The Legend of Frosty the Snowman is a 2005 direct-to-video animated film produced by Classic Media, Studio B Productions, and Top Draw Animation.

The film is narrated by Burt Reynolds and features Bill Fagerbakke as the voice of Frosty the Snowman and voice actress Kath Soucie as Tommy Tinkerton, with background music composed by Jared Faber. It is the fifth and last television special to feature Frosty to date.

Plot
Frosty the Snowman travels to the town of Evergreen, which is seemingly idyllic but full of unhappy children who must follow harsh rules. Frosty tries to play with Mayor Tinkerton's son Tommy, but he is afraid of displeasing his uptight father, who keeps the family and the town on a strict schedule and favors Tommy's devoted older brother Charlie. Seeing he cannot reach Tommy yet, Frosty finds Tommy's best friend and neighbor, a nervous boy named Walter Wader, and convinces him to play in the snow with him one night. Walter has so much fun that he walks into school confidently the next day.

Word spreads about Walter breaking curfew and having fun, prompting the school's principal Hank Pankley to complain to Mr. Tinkerton. Walter and Charlie get into a food fight at lunch period and are immediately placed in detention. Tinkerton takes a pin marked "#1" from Charlie and interrogates Walter, who replies that he was "playing with a magical snowman", causing Tinkerton to react nervously. Pankley assures Tinkerton that Walter's story is not true, secretly desiring to take Tinkerton's job as mayor.

As school ends, Charlie mocks Walter for believing in Frosty, but Frosty arrives outside the school and the two join him. Tommy leaves to follow Sara Simple, a schoolmate he has a crush on, but instead Frosty's hat leads him to the library, where he discovers a comic book about Frosty. The comic tells of a boy whose father is a stage magician (Professor Hinkle) who denounces magic, yet the boy brings Frosty to life using his father's hat. Tommy reads that the boy spends the rest of winter looking for Frosty, but the rest of the comic's pages are blank.

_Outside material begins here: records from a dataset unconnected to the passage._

Lemma bdisjoint_sum n (x : 'I_n -> X) (a : 'I_n -> R) i :
  (forall j, j != i -> bdisjoint L (x i) (x j)) ->
  bdisjoint L (x i) (\sum_(j < n | j != i) a j *: x j).
Proof.
move=> xi; elim/big_ind: _; [exact: bdisjoint0 | exact: bdisjointD |].
by move=> j ji; rewrite -[x i]scale1r; apply: bdisjointZ; apply: xi.
Qed.

End VectorLattice.

Section SupNorm.
Variable R : realType.

Lemma supnorm_ge n (a : 'I_n -> R) i : `|a i| <= supnorm a.
Proof. exact: le_bigmax. Qed.

Lemma supnorm_le n (a : 'I_n -> R) c : 0 <= c -> (forall i, `|a i| <= c) -> supnorm a <= c.
Proof. by move=> c_ge0 h; apply: bigmax_le. Qed.

Lemma supnorm_ge0 n (a : 'I_n -> R) : 0 <= supnorm a.
Proof. by rewrite /supnorm; elim/big_ind: _ => // x y x0 y0; rewrite le_max x0. Qed.

Lemma supnorm_sum_le n (s : seq ('I_n -> R)) :
  supnorm (fun i => \sum_(b <- s) b i) <= \sum_(b <- s) supnorm b.
Proof.
elim: s => [|b s IH].
  by rewrite big_nil; apply: supnorm_le => // i; rewrite big_nil normr0.
rewrite big_cons; apply: supnorm_le.
  by apply: addr_ge0; [apply: supnorm_ge0|apply: sumr_ge0 => *; apply: supnorm_ge0].
move=> i; rewrite big_cons; apply: le_trans (ler_normD _ _) _.
apply: lerD; first exact: supnorm_ge.
exact: le_trans (supnorm_ge (fun i => \sum_(b <- s) b i) i) IH.
Qed.

Lemma supnorm_delta n (i : 'I_n) : supnorm (fun j : 'I_n => ((j == i)%:R : R)) = 1.
Proof.
apply: le_anti; apply/andP; split.
  by apply: supnorm_le => // j; case: (j == i); rewrite ?normr1 ?normr0.
by have := supnorm_ge (fun j : 'I_n => ((j == i)%:R : R)) i; rewrite eqxx normr1.
Qed.

Lemma ereal_sup_supnorm_prefix (a : nat -> R) :
  ereal_sup [set (supnorm (fun i : 'I_n => a i))%:E | n in [set: nat]] =
  ereal_sup [set (`|a i|)%:E | i in [set: nat]].
Proof.
apply: le_anti; apply/andP; split.
  apply: ge_ereal_sup => z [[|n] _ <-].
    rewrite /supnorm big_ord0.
    apply: le_trans (ereal_sup_ubound (ex_intro2 _ _ 0%N I erefl)).
    by rewrite lee_fin.
  rewrite /supnorm; have [i _ ->] := @eq_bigmax _ _ _ 0 (@ord0 n) predT
    (fun i : 'I_n.+1 => `|a i|) isT (fun i _ => normr_ge0 _).
  exact: ereal_sup_ubound (ex_intro2 _ _ (nat_of_ord i) I erefl).
apply: ge_ereal_sup => z [i _ <-].
apply: le_trans (ereal_sup_ubound (ex_intro2 _ _ i.+1 I erefl)).
by rewrite lee_fin; apply: (supnorm_ge (fun j : 'I_i.+1 => a j) ord_max).
Qed.

End SupNorm.

Section Representability.
Variables (R : realType) (X : completeNormedModType R) (L : banach_lattice X).

Lemma supnorm_le_Bn n (x : 'I_n -> X) a : Bn L x -> supnorm a <= `|\sum_i a i *: x i|.
Proof.
case=> x_disj x_norm; apply: supnorm_le => // i.
rewrite (bigD1 i) //= -[`|a i|]mulr1 -(x_norm i) -normrZ.
apply: bnorm_lattice; apply: bdisjoint_babs_le.
rewrite -[\sum_(j | _) _]scale1r; apply: bdisjointZ.
by apply: bdisjoint_sum => j ji; apply: x_disj; rewrite eq_sym.
Qed.

Hypothesis flr : linfty_flr L.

An increasingly disturbed Tinkerton finds Tommy and gives him the "#1" pin, confessing that Charlie and the other children have told him the same story about a magic snowman and wanting Tommy to tell him if anything else strange happens. Tommy wears the pin to school but is ignored for being Tinkerton's new favorite. Tommy discovers his mother scrapbooking old photos of his father, revealing that the boy in the comic is Tinkerton.

Frosty continues to play with the children, including Sara, until they begin disobeying rules, appalling their parents and causing Tinkerton to break down. Pankley convinces Tinkerton to make him mayor at the next town meeting, promising to restore order. He also notices Walter feeling left out of playing with Frosty and tricks him into helping him lay a trap for Frosty. Walter goes ice skating with Frosty on a frozen pond until Frosty falls through the ice and melts, allowing Pankley to steal the hat.

As Tommy attempts to read the comic, the blank pages restore themselves. Pankley is revealed to have stolen the hat and locked it away the same winter Tinkerton was looking for Frosty, warning that Pankley will take over Evergreen completely if he is allowed to succeed. Tommy regains the trust of his friends when he shows them the complete comic, and they successfully retrieve the hat from the school and revive Frosty.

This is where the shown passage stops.